Role of Sb on the vertical-alignment of type-II strain-coupled InAs/GaAsSb multi quantum dots structures

Highlights

• Phenomena in high-density MQD InAs/GaAsSb with fine GaAs spacers.

• GaAsSb capping allow QDs coupling.

• QDs coupling affect the Sb distribution.

• Strong Sb accumulation on QDs apex, forming a collar.

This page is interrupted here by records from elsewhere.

(* There exist quaternary Hermitian LCD codes with parameters $[22,12,7]$, $[23,13,7]$, $[24,14,7]$ and $[25,15,7]$.
   Context: $\mathbb{F}_4=\{0,1,\omega,\omega^2\}$. A quaternary $[n,k,d]$ code is a $k$-dimensional subspace $C\subseteq\mathbb{F}_4^n$ with minimum nonzero Hamming weight $d$. The Hermitian inner product is $\langle x,y\rangle_H=\sum x_i y_i^2$ and $C^{\perp_H}$ is the corresponding dual; $C$ is Hermitian LCD if $C\cap C^{\perp_H}=\{0\}$. *)

From HB Require Import structures.
From mathcomp Require Import all_boot all_order all_algebra all_field.
Set Implicit Arguments. Unset Strict Implicit. Unset Printing Implicit Defensive.
Import GRing.Theory.
Local Open Scope ring_scope.

Section Codes.
Variable F : finFieldType.

Definition hwt (n : nat) (x : 'rV[F]_n) : nat := #|[set i : 'I_n | x 0 i != 0]|.

(* Hermitian inner product <x,y>_H = sum_i x_i y_i^2 (y^2 is conjugation in F_4). *)
Definition hdot (n : nat) (x y : 'rV[F]_n) : F := \sum_(i < n) x 0 i * (y 0 i) ^+ 2.

Definition in_hdual (n : nat) (C : {vspace 'rV[F]_n}) (y : 'rV[F]_n) : Prop :=
  forall x, x \in C -> hdot x y = 0.

Definition is_nkd_code (n k d : nat) (C : {vspace 'rV[F]_n}) : Prop :=
  [/\ \dim C = k,
      (exists2 x, x \in C & (x != 0) && (hwt (n:=n) x == d))
    & forall x, x \in C -> x != 0 -> (d <= hwt (n:=n) x)%N].

Definition herm_LCD (n : nat) (C : {vspace 'rV[F]_n}) : Prop :=
  forall y, y \in C -> in_hdual C y -> y = 0.

Definition exists_herm_LCD_code (n k d : nat) : Prop :=
  exists C : {vspace 'rV[F]_n}, @is_nkd_code n k d C /\ herm_LCD C.
End Codes.

From mathcomp Require Import all_boot all_order all_algebra all_field.
From mathcomp Require Import ring.
Set Implicit Arguments. Unset Strict Implicit. Unset Printing Implicit Defensive.
Import GRing.Theory.
Local Open Scope ring_scope.

(* Each code is generated by a systematic matrix [I_k | A_k], where A_k consists
   of the first k rows of one 15 x 10 matrix A over F_4.  The codes with k < 15
   are therefore shortenings of the [25,15] code and inherit its minimum weight,
   which is verified by enumerating the messages with at most 6 nonzero symbols
   (a message with 7 of them already yields a codeword of weight at least 7).
   A code with generator matrix G is Hermitian LCD as soon as its Gram matrix
   G G^H is invertible: if u G is Hermitian-orthogonal to every row of G, then
   G G^H applied to the conjugate of u vanishes.  Invertibility is certified by
   an explicit inverse.  All computations run on the model of F_4 as pairs of
   booleans and are transported to an arbitrary field of order 4 along
   a + b ω |-> a + b w, where w is a root of X^2 + X + 1. *)

Section SystematicCodes.
Variable F : finFieldType.

Lemma hwtE n (x : 'rV[F]_n) : hwt x = (\sum_(i < n) (x 0%R i != 0%R))%N.
Proof. by rewrite /hwt -sum1_card big_mkcond; apply: eq_bigr => i _; rewrite inE; case: ifP. Qed.

Lemma hwt_eq0 n (x : 'rV[F]_n) : (hwt x == 0)%N = (x == 0).
Proof.
rewrite /hwt cards_eq0; apply/eqP/eqP => [x0 | ->].
  apply/rowP => i; rewrite mxE; apply/eqP; apply: contraFT (in_set0 i) => xi.
  by rewrite -x0 inE.
by apply/setP => i; rewrite !inE mxE eqxx.
Qed.

Lemma hwt_row_mx n1 n2 (x : 'rV[F]_n1) (y : 'rV[F]_n2) :
  hwt (row_mx x y) = (hwt x + hwt y)%N.
Proof.
rewrite !hwtE big_split_ord; congr (_ + _)%N; apply: eq_bigr => i _.
  by rewrite row_mxEl.
by rewrite row_mxEr.
Qed.

Lemma hwt_delta_mx n (i : 'I_n) : hwt (delta_mx 0 i : 'rV[F]_n) = 1%N.
Proof.
rewrite hwtE (bigD1 i) //= big1 => [|j ji]; rewrite mxE ?eqxx ?oner_eq0 //.
by rewrite (negPf ji) andbF eqxx.
Qed.

Definition code_of_mx m n (G : 'M[F]_(m, n)) : {vspace 'rV[F]_n} :=
  limg (linfun (mulmxr G)).

Lemma code_of_mxP m n (G : 'M[F]_(m, n)) x :
  reflect (exists u, x = u *m G) (x \in code_of_mx G).
Proof.
apply: (iffP memv_imgP) => [[u _ ->] | [u ->]]; exists u; rewrite ?memvf //.
  by rewrite lfunE.
by rewrite lfunE.
Qed.

Lemma dim_code_of_mx m n (G : 'M[F]_(m, n)) : row_free G -> \dim (code_of_mx G) = m.
Proof.
move=> freeG; rewrite limg_dim_eq ?dimvf /dim /= ?mul1n //.
have injG : injective (linfun (mulmxr G) : 'Hom('rV[F]_m, 'rV[F]_n)).
  by move=> u v; rewrite !lfunE; apply: (row_free_inj freeG).
by rewrite (eqP (introT lker0P injG)) capv0.
Qed.

Lemma row_free_sys k r (A : 'M[F]_(k, r)) : row_free (row_mx 1%:M A).
Proof. by apply/row_freeP; exists (col_mx 1%:M 0); rewrite mul_row_col mulmx1 mulmx0 addr0. Qed.

Lemma hwt_mul_sys k r (A : 'M[F]_(k, r)) u :
  hwt (u *m row_mx 1%:M A) = (hwt u + hwt (u *m A))%N.
Proof. by rewrite mul_mx_row mulmx1 hwt_row_mx. Qed.

Definition sys_min_wt_ge d k r (A : 'M[F]_(k, r)) :=
  forall u : 'rV_k, u != 0 -> (d <= hwt u + hwt (u *m A))%N.

Lemma sys_min_wt_ge_usubmx d k1 k2 r (A : 'M[F]_(k1 + k2, r)) :
  sys_min_wt_ge d A -> sys_min_wt_ge d (usubmx A).
Proof.
move=> wtA u u_neq0; have := wtA (row_mx u 0).
rewrite row_mx_eq0 (negPf u_neq0) hwt_row_mx => /(_ isT).
have /eqP -> : hwt (0 : 'rV[F]_k2) == 0%N by rewrite hwt_eq0.
by rewrite -[in row_mx u 0 *m A](vsubmxK A) mul_row_col mul0mx addr0 addn0.
Qed.

Definition gram_mx m n (G : 'M[F]_(m, n)) : 'M[F]_m :=
  G *m (map_mx (fun x => x ^+ 2) G)^T.

Lemma gram_mxE m n (G : 'M[F]_(m, n)) i j : gram_mx G i j = hdot (row i G) (row j G).
Proof. by rewrite !mxE; apply: eq_bigr => t _; rewrite !mxE. Qed.

Section Char2.
Hypothesis charF : 2 \in [pchar F].
Local Notation frob := (pFrobenius_aut charF).

Lemma map_mx_sqr m n (A : 'M[F]_(m, n)) : map_mx (fun x => x ^+ 2) A = map_mx frob A.
Proof. by apply: eq_map_mx => x; rewrite pFrobenius_autE. Qed.

Lemma hdot_row_mul m n (G : 'M[F]_(m, n)) u j :
  hdot (row j G) (u *m G) = (gram_mx G *m (map_mx frob u)^T) j 0.
Proof.
rewrite /gram_mx map_mx_sqr -mulmxA -trmx_mul -map_mxM /hdot mxE.
by apply: eq_bigr => t _; rewrite !mxE /= pFrobenius_autE.
Qed.

Lemma herm_LCD_code_of_mx m n (G : 'M[F]_(m, n)) :
  gram_mx G \in unitmx -> herm_LCD (code_of_mx G).
Proof.
move=> Gunit _ /code_of_mxP [u ->] u_perp.
have : gram_mx G *m (map_mx frob u)^T = 0.
  apply/colP => j; rewrite -hdot_row_mul mxE; apply: u_perp.
  by apply/code_of_mxP; exists (delta_mx 0 j); rewrite -rowE.
move/(congr1 (mulmx (invmx (gram_mx G)))); rewrite mulKmx // mulmx0 => /eqP.
by rewrite trmx_eq0 map_mx_eq0 => /eqP ->; rewrite mul0mx.
Qed.

Lemma exists_herm_LCD_sys d k r (A : 'M[F]_(k, r)) :
  gram_mx (row_mx 1%:M A) \in unitmx -> sys_min_wt_ge d A ->
  (exists2 u : 'rV_k, u != 0 & (hwt u + hwt (u *m A))%N = d) ->
  exists_herm_LCD_code F (k + r) k d.
Proof.
move=> Gunit wtA [u0 u0_neq0 wt_u0].
exists (code_of_mx (row_mx 1%:M A)); split; last exact: herm_LCD_code_of_mx.
split; first exact/dim_code_of_mx/row_free_sys.
  exists (u0 *m row_mx 1%:M A); first by apply/code_of_mxP; exists u0.
  by rewrite hwt_mul_sys wt_u0 eqxx mul_mx_row mulmx1 row_mx_eq0 (negPf u0_neq0).
move=> _ /code_of_mxP [u ->]; rewrite hwt_mul_sys => uG_neq0; apply: wtA.
by apply: contraNneq uG_neq0 => ->; rewrite mul0mx.
Qed.

End Char2.
End SystematicCodes.

Section FieldOfOrderFour.
Variables (F : finFieldType) (cardF : #|F| = 4%N).

Lemma card4_pchar2 : 2 \in [pchar F].
Proof. exact: (card_finPcharP (p := 2) (n := 2) cardF). Qed.

Lemma card4_omega : exists w : F, w ^+ 2 = w + 1.
Proof.
have /subsetPn [w _] : ~~ ([set: F] \subset [set 0; 1]).
  by apply/negP => /subset_leq_card; rewrite cardsT cardF cards2; case: (_ != _).
rewrite !inE negb_or => /andP [w_neq0 w_neq1]; exists w.
have w3 : w ^+ 3 = 1.
  by apply: (mulfI w_neq0); rewrite -exprS -cardF expf_card mulr1.
have : (w - 1) * (w ^+ 2 + (w + 1)) = w ^+ 3 - 1 by ring.
move/eqP; rewrite w3 subrr mulf_eq0 subr_eq0 (negPf w_neq1) addr_eq0 => /eqP ->.
exact: (oppr_pchar2 card4_pchar2).
Qed.

End FieldOfOrderFour.

(* The pair (a, b) stands for a + b ω, where ω ^ 2 = ω + 1. *)
Definition gf4 := (bool * bool)%type.
Local Notation seqmx := (seq (seq gf4)).

Definition gf4_0 : gf4 := (false, false).
Definition gf4_nz (x : gf4) : bool := x.1 || x.2.
Definition gf4_add (x y : gf4) : gf4 := (x.1 (+) y.1, x.2 (+) y.2).
Definition gf4_sqr (x : gf4) : gf4 := (x.1 (+) x.2, x.2).
Definition gf4_mul (c x : gf4) : gf4 :=
  match c with
  | (false, false) => gf4_0
  | (true, false) => x
  | (false, true) => (x.2, x.1 (+) x.2)
  | (true, true) => (x.1 (+) x.2, x.1)
  end.
Definition gf4_units : seq gf4 := [:: (true, false); (false, true); (true, true)].

Lemma gf4_mulE x y :
  gf4_mul x y = ((x.1 && y.1) (+) (x.2 && y.2), (x.1 && y.2) (+) (x.2 && y.1) (+) (x.2 && y.2)).
Proof. by case: x y => [[] []] [[] []]. Qed.

Lemma gf4_add0l x : gf4_add gf4_0 x = x.
Proof. by case: x => [[] []]. Qed.

Lemma gf4_add0r x : gf4_add x gf4_0 = x.
Proof. by case: x => [[] []]. Qed.

Lemma gf4_unit x : gf4_nz x -> x \in gf4_units.
Proof. by case: x => [[] []]. Qed.

(* Tables of field elements are written with the digits 0, 1, 2, 3 for 0, 1, ω, ω^2. *)
Definition gf4_of_nat (n : nat) : gf4 := (odd n, odd n./2).
Definition gf4_table : seq (seq nat) -> seqmx := map (map gf4_of_nat).

Fixpoint vadd (a b : seq gf4) : seq gf4 :=
  match a, b with
  | x :: a', y :: b' => gf4_add x y :: vadd a' b'
  | [::], _ => b
  | _, [::] => a
  end.

Definition vscale (c : gf4) (a : seq gf4) : seq gf4 := map (gf4_mul c) a.

Definition vaxpy (c : gf4) (a acc : seq gf4) : seq gf4 :=
  if gf4_nz c then vadd (vscale c a) acc else acc.

Fixpoint lincomb_from (acc u : seq gf4) (rows : seqmx) : seq gf4 :=
  match u, rows with
  | c :: u', a :: rows' => lincomb_from (vaxpy c a acc) u' rows'
  | _, _ => acc
  end.

Definition lincomb (u : seq gf4) (rows : seqmx) : seq gf4 := lincomb_from [::] u rows.

Definition hwt_seq (a : seq gf4) : nat := count gf4_nz a.

Lemma nth_vadd a b j : nth gf4_0 (vadd a b) j = gf4_add (nth gf4_0 a j) (nth gf4_0 b j).
Proof. by elim: a b j => [|x a IH] [|y b] [|j] //=; rewrite ?gf4_add0l ?gf4_add0r. Qed.

Lemma nth_vscale c a j : nth gf4_0 (vscale c a) j = gf4_mul c (nth gf4_0 a j).
Proof. by elim: a j => [|x a IH] [|j] //=; case: c => [[] []]. Qed.

Lemma size_vadd a b : size (vadd a b) = maxn (size a) (size b).
Proof. by elim: a b => [|x a IH] [|y b] //=; rewrite ?IH ?maxnSS ?max0n ?maxn0. Qed.

Lemma size_vaxpy c a acc : (size (vaxpy c a acc) <= maxn (size a) (size acc))%N.
Proof. by rewrite /vaxpy; case: ifP => _; rewrite ?leq_maxr // size_vadd size_map. Qed.

Lemma size_lincomb_from r acc u rows :
  {in rows, forall a, size a <= r}%N -> (size acc <= r)%N ->
  (size (lincomb_from acc u rows) <= r)%N.
Proof.
elim: u rows acc => [|c u IH] [|a rows] acc //= le_rows le_acc.
apply: IH => [b b_in|]; first by apply: le_rows; rewrite inE b_in orbT.
by rewrite (leq_trans (size_vaxpy c a acc)) // geq_max le_acc le_rows ?mem_head.
Qed.

(* [m] counts the nonzero coefficients chosen so far; once [d <= m.+1], any
   further nonzero coefficient gives a message, hence a codeword, of weight at
   least [d], so only the all-zero continuation remains to be explored.  The
   nested conditionals keep the search lazy under call-by-value evaluation. *)
Fixpoint wt_check (d : nat) (rows : seqmx) (acc : seq gf4) (m : nat) : bool :=
  match rows with
  | [::] => (m == 0) || (d <= m + hwt_seq acc)%N
  | a :: rows' =>
      if wt_check d rows' acc m then
        if (d <= m.+1)%N then true
        else all (fun c => wt_check d rows' (vaxpy c a acc) m.+1) gf4_units
      else false
  end.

• The Sb inhibit the formation of agglomerations.

Abstract

The implementation of GaAs_0.8Sb_0.2 as CL to obtain type-II strain-coupled InAs MQD structures has been examined and compared to similar structures without Sb or without strain coupling. First, it has been demonstrated that capping with GaAsSb prevents the formation of In-rich agglomerations that hampered the QD formation as it has been observed in the sample without Sb. Instead, it promotes the vertical alignment (VA) of almost all QDs with a high density of QD columns. Second, there is a preferential Sb accumulation over the dots together with an undulation of the growth front, contrary to the observed in the uncoupled structure. In case of a deficient covering of GaAsSb, as occurs for giant QDs, In-rich agglomerations may develop. Each VAQD column consists of a sequence of alternating quantum blocks of pyramid-shaped In(Ga)As separated by GaAsSb blocks that rest over them. These Sb-rich blocks are not homogeneous accumulating around the pyramidal apex like a collar. Between the columns, there is an impoverishment of In and Sb compared to the uncoupled sample. These columns can behave as self-aligned nanowires with type II band alignment between self-assembled InAs and GaAsSb quantum blocks that opens new opportunities for novel devices.

Introduction

Self-assembled heteroepitaxial InAs quantum dots (QDs) grown via Stranski-Krastanov mode keep attracting special attention since they are able to enhance the properties of many optoelectronic devices [1,2]. In this field, augmenting QD density is a potential way of increase the efficiency in these devices and the so called vertically aligned (VA) structures of InAs/GaAs QDs have been broadly investigated, which consist of the closely stacking of several InAs QD layers [3,4]. The use of VAQDs results in larger QDs with improved size uniformity and with an attractive electronic coupling that modifies their optical properties [5,6]. Certainly, longer wavelength emissions could be achieved by growing both larger and strain-coupled QD heterostructures [7,8].

In this sense, the use of GaAsSb capping layers (CL) on InAs QDs for Sb contents above 16% has attracted special attention because of the band alignment becomes type II, with the holes localized outside the QD (in the CL) increasing the radiative carrier lifetime [[9], [10], [11], [12]]. These kind of type II QDs are recommended in quest of an increased sub-bandgap current with less voltage reduction to envisage interband solar cells (IBSC) that should exceed the efficiency of standard QD solar cells [13]. In addition, the introduction of Sb into the CL may bring extra benefits due to its surfactant effect that reduces the surface free energy, by suppressing the coalescence of neighbouring QDs, improving uniformity and reducing non-radiative centres [14,15]. However, although the behaviour of GaAsSb CLs in uncoupled InAs QD layers has been extensively studied, there are very few works about combining the growth of InAs VAQD structures using GaAsSb CLs with type-II alignment. Kim et al., [16] analysing different thicknesses of GaAs_0.83Sb_0.17 spacers embedding in a ten-stack InAs QD structure, showed a great luminescence properties and higher carrier thermal stability for the 10-nm thickness. Liu et al., analysing several 10-layer VAQDs with different GaAs/GaAsSb spacers (x < 0.2), found a type-II behaviour by means of time-resolved photoluminescence (TRPL) and power dependence (PD) PL measurements when GaAs_0.8Sb_0.2 spacers are used [17]. However, the structural and compositional characteristics of this sample are not presented, probably because of its worse structural characteristics that would explain its poor results in external quantum efficiency (EQE) and current-voltage measurements at one-sun illumination [18]. Very recently Panda et al. [19,20], have investigated the impact on the band alignment and carrier lifetime in strain-coupled InAs QDs capped with GaAsSb/GaAs CLs using different Sb-content and thickness but only for the case of bilayer structures.

The aim of this work is to study the behaviour of Sb in type-II strain-coupled InAs/GaAsSb/GaAs MQD structure in comparison with both (i) its equivalent structure without Sb and (ii) without strain coupling by inserting wide GaAs spacers. As can be seen in the article, the use of GaAsSb CLs in strain-coupled structures changes not only the size, shape and density of the QDs but also the way the Sb is distributed within the structure.